A ladder 5 meters long rests against a vertical wall. If its top slides downwards at the rate of \(10 \mathrm{~cm} / \mathrm{s}\), then the angle between the ladder and the floor is decreasing at the rate of rad./s when it's lower end is \(4 \mathrm{~m}\) away from the wall.

According to the figure, \(x^2+y^2=25...(i)\)
Note that \(\cos \theta=\frac{\mathrm{OB}}{\mathrm{AB}}=\frac{x}{5}\)
\(\therefore \quad x=5 \cos \theta\)
\(\therefore \quad\) (i) \(\Rightarrow 25 \cos ^2 \theta+y^2=25\)

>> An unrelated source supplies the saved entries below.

Lemma hurwitz_antitone (t t' : R) : 0 < t -> t <= t' -> hurwitz s t' <= hurwitz s t.
Proof.
  intros Ht Htt; apply Series_le; [| apply ex_series_hurwitz, Ht].
  intro k; pose proof (pos_INR k); split; [left; apply inv_pow_succ_pos; lra |].
  apply inv_pow_succ_le; lra.
Qed.

End SeriesBounds.

Section HurwitzContinuity.

Variable s : nat.
Hypothesis s_pos : (1 <= s)%nat.

Let s_succ_pos : (1 <= S s)%nat := le_S _ _ s_pos.

Lemma hurwitz_sub_le (t t' : R) : 0 < t -> t <= t' ->
  hurwitz s t - hurwitz s t' <= (t' - t) * INR (S s) * hurwitz (S s) t.
Proof.
  intros Ht Htt; unfold hurwitz.
  rewrite <- Series_minus, <- Series_scal_l by (apply ex_series_hurwitz; auto; lra).
  apply Series_le.
  2: { apply (ex_series_ext
                (fun k => scal ((t' - t) * INR (S s)) (inv_pow_succ (S s) (t + INR k))));
         [reflexivity | apply (ex_series_scal_l (V := R_NormedModule)), ex_series_hurwitz; auto]. }
  intro k; pose proof (pos_INR k); split.
  - pose proof (inv_pow_succ_le s (t + INR k) (t' + INR k)); lra.
  - pose proof (inv_pow_succ_tangent_le s (t' + INR k) (t + INR k)); lra.
Qed.

Lemma hurwitz_lipschitz (r u v : R) : 0 < r -> r <= u -> r <= v ->
  Rabs (hurwitz s u - hurwitz s v) <= INR (S s) * hurwitz (S s) r * Rabs (u - v).
Proof.
  intros Hr.
  assert (Hord : forall a b, r <= a -> a <= b ->
            Rabs (hurwitz s a - hurwitz s b) <= INR (S s) * hurwitz (S s) r * Rabs (a - b)).
  { intros a b Ha Hab.
    pose proof (hurwitz_antitone s s_pos a b ltac:(lra) Hab).
    pose proof (hurwitz_sub_le a b ltac:(lra) Hab).
    pose proof (hurwitz_antitone (S s) s_succ_pos r a Hr Ha).
    assert (0 <= INR (S s) * (b - a)) by (apply Rmult_le_pos; [apply pos_INR | lra]).
    rewrite Rabs_pos_eq, Rabs_minus_sym, Rabs_pos_eq by lra; nra. }
  intros Hu Hv; destruct (Rle_dec u v); [apply Hord; assumption |].
  rewrite Rabs_minus_sym, (Rabs_minus_sym u); apply Hord; lra.
Qed.

Lemma continuity_pt_hurwitz (t : R) : 0 < t -> continuity_pt (hurwitz s) t.
Proof.
  intros Ht; unfold continuity_pt, continue_in, limit1_in, limit_in; intros eps Heps.
  set (L := INR (S s) * hurwitz (S s) (t / 2)).
  assert (HL : 0 <= L).
  { apply Rmult_le_pos; [apply pos_INR |].
    pose proof (inv_pow_succ_le_hurwitz (S s) s_succ_pos (t / 2) ltac:(lra)).
    pose proof (inv_pow_succ_pos (S s) (t / 2) ltac:(lra)); lra. }
  assert (Hd : 0 < eps / (L + 1)) by (apply Rdiv_lt_0_compat; lra).
  exists (Rmin (t / 2) (eps / (L + 1))); split; [apply Rmin_pos; lra |].
  intros u [_ Hu]; simpl in Hu |- *; unfold R_dist in Hu |- *.
  apply Rmin_Rgt in Hu as [Hu1 Hu2].
  assert (Hut : t / 2 <= u) by (apply Rabs_def2 in Hu1; lra).
  pose proof (hurwitz_lipschitz (t / 2) u t ltac:(lra) Hut ltac:(lra)) as Hlip; fold L in Hlip.
  assert (L * Rabs (u - t) <= L * (eps / (L + 1))) by (apply Rmult_le_compat_l; lra).
  assert (eps - L * (eps / (L + 1)) = eps / (L + 1)) by (field; lra).
  lra.
Qed.

Lemma hurwitz_surjective (c : R) : 0 < c -> exists t, 0 < t /\ hurwitz s t = c.
Proof.
  intros Hc.
  set (t1 := / (c + 1)); set (t2 := 2 / c + 1).
  assert (Ht1 : 0 < t1 <= 1).
  { split; [apply Rinv_0_lt_compat; lra |].
    rewrite <- Rinv_1; apply Rinv_le_contravar; lra. }
  assert (Hc2 : 0 < 2 / c) by (apply Rdiv_lt_0_compat; lra).
  assert (Ht2 : 1 < t2) by (unfold t2; lra).
  assert (Hbig : c < hurwitz s t1).
  { pose proof (inv_le_inv_pow_succ s t1 Ht1).
    pose proof (inv_pow_succ_le_hurwitz s s_pos t1 ltac:(lra)).
    unfold t1 in *; rewrite Rinv_inv in *; lra. }
  assert (Hsmall : hurwitz s t2 < c).
  { pose proof (hurwitz_le s s_pos t2 ltac:(lra)).
    pose proof (inv_pow_succ_le_inv s t2 ltac:(lra)).
    pose proof (inv_pow_prim_le_inv s s_pos (t2 + / 2) ltac:(lra)).
    assert (/ (t2 + / 2) < / t2) by (apply Rinv_lt_contravar; nra).
    assert (2 / t2 < c).
    { apply (Rmult_lt_reg_r t2); [lra |]; unfold Rdiv.
      rewrite Rmult_assoc, Rinv_l by lra; unfold t2; field_simplify; lra. }
    unfold Rdiv in *; lra. }
  destruct (IVT_interv (fun t => c - hurwitz s t) t1 t2) as [t [Ht Hz]].
  - intros a Ha; apply continuity_pt_minus.
    + apply continuity_pt_const; intros ? ?; reflexivity.
    + apply continuity_pt_hurwitz; lra.
  - lra.
  - lra.
  - lra.
  - exists t; split; lra.
Qed.

End HurwitzContinuity.

Lemma is_series_scal_iff (c : R) (a : nat -> R) (l : R) : c <> 0 ->
  is_series (fun k => c * a k) (c * l) <-> is_series a l.
Proof.
  intros Hc; split; intro H.
  - apply (is_series_ext (fun k => / c * (c * a k)));
      [intro k; rewrite <- Rmult_assoc, Rinv_l, Rmult_1_l by exact Hc; reflexivity |].
    replace l with (/ c * (c * l)) by (field; exact Hc).
    apply (is_series_scal_l (V := R_NormedModule)), H.
  - apply (is_series_scal_l (V := R_NormedModule)), H.
Qed.

Lemma psi_abs_iff (n : nat) (t x : R) :
  psi_abs n t x <-> is_series (fun k => inv_pow_succ n (t + INR k)) (x / INR (fact n)).
Proof.
  assert (HF : INR (fact n) <> 0) by (apply not_0_INR, fact_neq_0).
  unfold psi_abs; rewrite <- is_series_Reals.
  rewrite <- (is_series_scal_iff (INR (fact n)) (fun k => inv_pow_succ n (t + INR k))) by exact HF.
  replace (INR (fact n) * (x / INR (fact n))) with x by (field; exact HF).
  split; apply is_series_ext; intro k;
    unfold polygamma_term, inv_pow_succ; rewrite Nat.add_1_r; reflexivity.
Qed.

Lemma Rpower_root_pow (n : nat) (b : R) : (1 <= n)%nat -> 0 < b -> Rpower b (1 / INR n) ^ n = b.
Proof.
  intros Hn Hb; rewrite <- Rpower_pow, Rpower_mult by apply exp_pos.
  replace (1 / INR n * INR n) with 1 by (field; apply not_0_INR; lia).
  apply Rpower_1, Hb.
Qed.

Lemma inv_pow_prim_fact_root (n : nat) (x : R) : (1 <= n)%nat -> 0 < x ->
  inv_pow_prim n (Rpower (INR (fact (n - 1)) / x) (1 / INR n)) = x / INR (fact n).
Proof.
  intros Hn Hx.
  assert (HF : 0 < INR (fact (n - 1))) by apply lt_0_INR, lt_O_fact.
  assert (Efact : INR (fact n) = INR n * INR (fact (n - 1))).
  { destruct n as [|m]; [lia |]; rewrite Nat.sub_succ, Nat.sub_0_r, <- mult_INR; reflexivity. }
  unfold inv_pow_prim; rewrite Rpower_root_pow, Efact by (try apply Rdiv_lt_0_compat; assumption).
  field; repeat split; try lra; apply not_0_INR; lia.
Qed.

Lemma lb_eq_unit_int_root (n : nat) (x : R) : (1 <= n)%nat -> 0 < x ->
  lb n x = unit_int_root n (Rpower (INR (fact (n - 1)) / x) (1 / INR n)).
Proof.
  intros Hn Hx.
  assert (HF : 0 < INR (fact (n - 1))) by apply lt_0_INR, lt_O_fact.
  set (a := Rpower (INR (fact (n - 1)) / x) (1 / INR n)).
  assert (Ha : 0 < a) by apply exp_pos.
  assert (Han : a ^ n = INR (fact (n - 1)) / x)
    by (apply Rpower_root_pow; [| apply Rdiv_lt_0_compat]; assumption).
  assert (0 < (a + 1) ^ n) by (apply pow_lt; lra).
  unfold lb, unit_int_root, unit_int, inv_pow_prim; fold a.
  rewrite Han, Nat.add_1_r.
  f_equal; [| unfold Rdiv; ring].
  field; repeat split; try lra; apply not_0_INR; lia.
Qed.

Differentiating w.r.t. ' \(t\) ', we get
\(
\begin{aligned}
& \quad-50 \cos \theta \sin \theta \frac{\mathrm{d} \theta}{\mathrm{dt}}+2 y \frac{\mathrm{d} y}{\mathrm{dt}}=0 \\
& 25 \sin \theta \cos \theta \frac{\mathrm{d} \theta}{\mathrm{dt}}=y \frac{\mathrm{d} y}{\mathrm{dt}} \\
& \therefore \quad 25 \sin \theta \cos \theta \frac{\mathrm{d} \theta}{\mathrm{dt}}=y(-0.1) \\
& \therefore \quad \ldots\left[\because \frac{\mathrm{d} y}{\mathrm{~d} x}=-10 \mathrm{~cm} / \mathrm{s}=-0.1 \mathrm{~m} / \mathrm{s}\right] \\
& \quad 25 \sin \theta \cos \theta \frac{\mathrm{d} \theta}{\mathrm{dt}}=-(0.1) y \quad, .(\mathrm{ii}) \\
& \quad \text { at } x=4, \cos \theta=\frac{4}{5}, \sin \theta=\frac{3}{5} \text { and } y=3 \\
& \quad \text { (ii) } \Rightarrow 25 \times \frac{3}{5} \times \frac{4}{5} \times \frac{\mathrm{d} \theta}{\mathrm{dt}}=-0.3 \\
& \Rightarrow \frac{\mathrm{d} \theta}{\mathrm{dt}}=-0.025
\end{aligned}
\)
i.e., the angle is decreasing at the rate of \(0.025 \mathrm{rad} / \mathrm{s}\)